(* satisfaction in a one-step interpretation (S, I), S a subset of X *)
Fixpoint sat (Q : finType) (X : Type) (S : X -> Prop) (I : X -> {set Q})
    (e : nat -> X) (f : form Q) : Prop :=
  match f with
  | FTrue => True
  | FFalse => False
  | FAtom q x => q \in I (e x)
  | FEq x y => e x = e y
  | FNeq x y => e x <> e y
  | FOr f g => sat S I e f \/ sat S I e g
  | FAnd f g => sat S I e f /\ sat S I e g
  | FEx x f => exists v, S v /\ sat S I (upd e x v) f
  | FAll x f => forall v, S v -> sat S I (upd e x v) f
  end.

(* (S, I) |= f  (for sentences the environment is irrelevant) *)
Definition models (Q : finType) (X : Type) (S : X -> Prop) (I : X -> {set Q})
    (f : form Q) : Prop :=
  forall e : nat -> X, (forall i, S (e i)) -> sat S I e f.

Definition fequiv (Q : finType) (f g : form Q) : Prop :=
  forall (X : Type) (S : X -> Prop) (I : X -> {set Q}),
    (exists x, S x) -> (models S I f <-> models S I g).

Definition bigOr (Q : Type) (l : seq (form Q)) : form Q := foldr (@FOr Q) FFalse l.
Definition bigAnd (Q : Type) (l : seq (form Q)) : form Q := foldr (@FAnd Q) FTrue l.

Definition ftype (Q : finType) (A : {set Q}) (x : nat) : form Q :=
  bigAnd [seq FAtom q x | q <- enum A].

Fixpoint FExs (Q : Type) (n : nat) (f : form Q) : form Q :=
  match n with 0 => f | n'.+1 => FExs n' (FEx n' f) end.
(* FExs n f = Ex 0. Ex 1. ... Ex (n-1). f *)

Definition fdiff (Q : Type) (k : nat) : form Q :=
  bigAnd (flatten [seq [seq @FNeq Q i j | j <- iota 0 k & j != i] | i <- iota 0 k]).
Definition fndiff (Q : Type) (k : nat) : form Q :=
  bigOr (flatten [seq [seq @FEq Q i j | j <- iota 0 k & j != i] | i <- iota 0 k]).

(* basic formula theta^=(TE, TA): x_i is variable i-1 (i=1..n), y is variable n;
   (diff(x,y) -> phi) is written in negation normal form as (not diff(x,y)) \/ phi *)
Definition basic (Q : finType) (TE TA : {set {set Q}}) : form Q :=
  let As := enum TE in
  let n := size As in
  FExs n (FAnd (fdiff Q n)
         (FAnd (bigAnd [seq ftype (nth set0 As i) i | i <- iota 0 n])
               (FAll n (FOr (fndiff Q n.+1) (bigOr [seq ftype A n | A <- enum TA]))))).

Definition functional_basic (Q : finType) (Q' : {set Q}) (TE TA : {set {set Q}}) : Prop :=
  exists2 A, A \in TE &
    exists2 q, q \in Q' & A = [set q] /\
      forall B, B \in (TE :\ A) :|: TA -> [disjoint B & Q'].

Definition functional (Q : finType) (Q' : {set Q}) (f : form Q) : Prop :=
  Q' != set0 /\
  exists l : seq ({set {set Q}} * {set {set Q}}),
    (forall x, Stdlib.Lists.List.In x l -> functional_basic Q' x.1 x.2) /\
    fequiv f (bigOr [seq basic x.1 x.2 | x <- l]).

Definition tree (D : Type) (T : seq D -> Prop) : Prop :=
  T [::] /\ forall w d, T (rcons w d) -> T w.
Definition is_child (D : Type) (T : seq D -> Prop) (w w' : seq D) : Prop :=
  exists d, w' = rcons w d /\ T w'.
Definition nonblocking (D : Type) (T : seq D -> Prop) : Prop :=
  forall w, T w -> exists d, T (rcons w d).
Definition inf_path (D : Type) (T : seq D -> Prop) (pi : nat -> seq D) : Prop :=
  pi 0 = [::] /\ forall k, is_child T (pi k) (pi k.+1).
Definition on_path (D : Type) (pi : nat -> seq D) (w : seq D) : Prop :=
  exists k, pi k = w.

Definition kripke (AP : finType) (P : {set AP}) (D : Type)
    (T : seq D -> Prop) (Lab : seq D -> {set AP}) : Prop :=
  tree T /\ nonblocking T /\ forall w, T w -> Lab w \subset P.

Definition chain_proj (AP : finType) (D : Type) (p : AP)
    (L : (seq D -> Prop) -> (seq D -> {set AP}) -> Prop)
    (T : seq D -> Prop) (Lab : seq D -> {set AP}) : Prop :=
  kripke [set~ p] T Lab /\
  exists pi, inf_path T pi /\
    exists Lab', L T Lab' /\
      forall w, T w ->
        (on_path pi w -> Lab' w :\ p = Lab w) /\
        (~ on_path pi w -> Lab' w = Lab w).

Record fta (Sig : Type) (Q : finType) := FTA {
  delta : Q -> Sig -> form Q;
  q0 : Q;
  Omega : Q -> nat }.

Definition is_run (Sig : Type) (Q : finType) (A : fta Sig Q) (D : Type)
    (T : seq D -> Prop) (Lab : seq D -> Sig)
    (Dr : Type) (Tr : seq Dr -> Prop) (Labr : seq Dr -> Q * seq D) : Prop :=
  tree Tr /\ Labr [::] = (q0 A, [::]) /\
  forall y, Tr y ->
    exists I : seq D -> {set Q},
      models (is_child T (Labr y).2) I (delta A (Labr y).1 (Lab (Labr y).2)) /\
      (forall d, Tr (rcons y d) ->
          is_child T (Labr y).2 (Labr (rcons y d)).2 /\
          (Labr (rcons y d)).1 \in I (Labr (rcons y d)).2) /\
      (forall w' q', is_child T (Labr y).2 w' -> q' \in I w' ->
          exists d, Tr (rcons y d) /\ Labr (rcons y d) = (q', w')).

Definition inf_often (c : nat -> nat) (m : nat) : Prop :=
  forall n, exists k, n <= k /\ c k = m.

Definition parity_ok (c : nat -> nat) : Prop :=
  exists m, ~~ odd m /\ inf_often c m /\ forall m', inf_often c m' -> m' <= m.

Definition accepting (Sig : Type) (Q : finType) (A : fta Sig Q) (D : Type)
    (Dr : Type) (Tr : seq Dr -> Prop) (Labr : seq Dr -> Q * seq D) : Prop :=
  forall rho, inf_path Tr rho -> parity_ok (fun k => Omega A (Labr (rho k)).1).

Definition lang (Sig : Type) (Q : finType) (A : fta Sig Q) (D : Type)
    (T : seq D -> Prop) (Lab : seq D -> Sig) : Prop :=
  tree T /\ nonblocking T /\
  exists (Dr : Type) (Tr : seq Dr -> Prop) (Labr : seq Dr -> Q * seq D),
    is_run A T Lab Tr Labr /\ accepting A Tr Labr.

(* The ordered partition H is given by hord: the component of q is
   [set q' | hord q' == hord q], and its order is hord q.
   hexist i holds iff the component of order i is in H_exists. *)
Record hfta (Sig : Type) (Q : finType) := HFTA {
  aut : fta Sig Q;
  hord : Q -> nat;
  hexist : pred nat }.

Definition exist_shape (Sig : Type) (Q : finType) (H : hfta Sig Q) (i : nat)
    (f : form Q) : Prop :=
  exists l : seq (Q * form Q),
    (forall qt, Stdlib.Lists.List.In qt l ->
       hord H qt.1 = i /\ all (fun q => hord H q < i) (fstates qt.2) /\
       all (pred1 0) (fv qt.2)) /\
    fequiv f (bigOr [seq FEx 0 (FAnd (FAtom qt.1 0) qt.2) | qt <- l]).

Definition univ_shape (Sig : Type) (Q : finType) (H : hfta Sig Q) (i : nat)
    (f : form Q) : Prop :=
  exists l : seq (Q * form Q),
    (forall qt, Stdlib.Lists.List.In qt l ->
       hord H qt.1 = i /\ all (fun q => hord H q < i) (fstates qt.2) /\
       all (pred1 0) (fv qt.2)) /\
    fequiv f (bigAnd [seq FAll 0 (FOr (FAtom qt.1 0) qt.2) | qt <- l]).

Definition trans_shape (Sig : Type) (Q : finType) (H : hfta Sig Q) (i : nat)
    (f : form Q) : Prop :=
  exists g, sentence g /\ all (fun q => hord H q < i) (fstates g) /\ fequiv f g.

Definition is_hfta (Sig : Type) (Q : finType) (H : hfta Sig Q) : Prop :=
  (forall q a, sentence (delta (aut H) q a)) /\
  forall i, (exists q, hord H q = i) ->
    if hexist H i then
      (forall q a, hord H q = i -> exist_shape H i (delta (aut H) q a)) /\
      (exists m, ~~ odd m /\
         forall q, hord H q = i -> Omega (aut H) q \in [:: m.-1; m])
    else
      (forall q a, hord H q = i -> trans_shape H i (delta (aut H) q a)) \/
      ((forall q a, hord H q = i -> univ_shape H i (delta (aut H) q a)) /\
       (exists m, odd m /\
          forall q, hord H q = i -> Omega (aut H) q \in [:: m.-1; m])).

Definition Ql (Sig : Type) (Q : finType) (H : hfta Sig Q) : {set Q} :=
  [set q | hord H q == hord H (q0 (aut H))].

Definition nondet_one_path (Sig : Type) (Q : finType) (D : Type) (H : hfta Sig Q) : Prop :=
  hexist H (hord H (q0 (aut H))) /\
  (forall q a, q \in Ql H -> functional (Ql H) (delta (aut H) q a)) /\
  (forall (T : seq D -> Prop) (Lab : seq D -> Sig), lang (aut H) T Lab ->
     forall pi, inf_path T pi ->
       exists (Dr : Type) (Tr : seq Dr -> Prop) (Labr : seq Dr -> Q * seq D),
         is_run (aut H) T Lab Tr Labr /\ accepting (aut H) Tr Labr /\
         forall w, on_path pi w ->
           exists y, Tr y /\ (Labr y).2 = w /\ (Labr y).1 \in Ql H /\
             forall y', Tr y' -> (Labr y').2 = w -> y' = y).

(* the automaton  exists^C p. A  (its alphabet 2^(AP\{p}) is handled by
   restricting to trees whose labels avoid p) *)
Definition proj_aut (AP : finType) (Q : finType) (H : hfta {set AP} Q) (p : AP)
    : hfta {set AP} Q :=
  HFTA (FTA (fun q a => if q \in Ql H
                        then FOr (delta (aut H) q a) (delta (aut H) q (p |: a))
                        else delta (aut H) q a)
            (q0 (aut H)) (Omega (aut H)))
       (hord H) (hexist H).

###

### Your instructions
Go through the listing above and copy each line in which the string "bigOr" is found.

### Result of this exercise
Definition bigOr (Q : Type) (l : seq (form Q)) : form Q := foldr (@FOr Q) FFalse l.
  bigOr (flatten [seq [seq @FEq Q i j | j <- iota 0 k & j != i] | i <- iota 0 k]).
               (FAll n (FOr (fndiff Q n.+1) (bigOr [seq ftype A n | A <- enum TA]))))).
    fequiv f (bigOr [seq basic x.1 x.2 | x <- l]).
    fequiv f (bigOr [seq FEx 0 (FAnd (FAtom qt.1 0) qt.2) | qt <- l]).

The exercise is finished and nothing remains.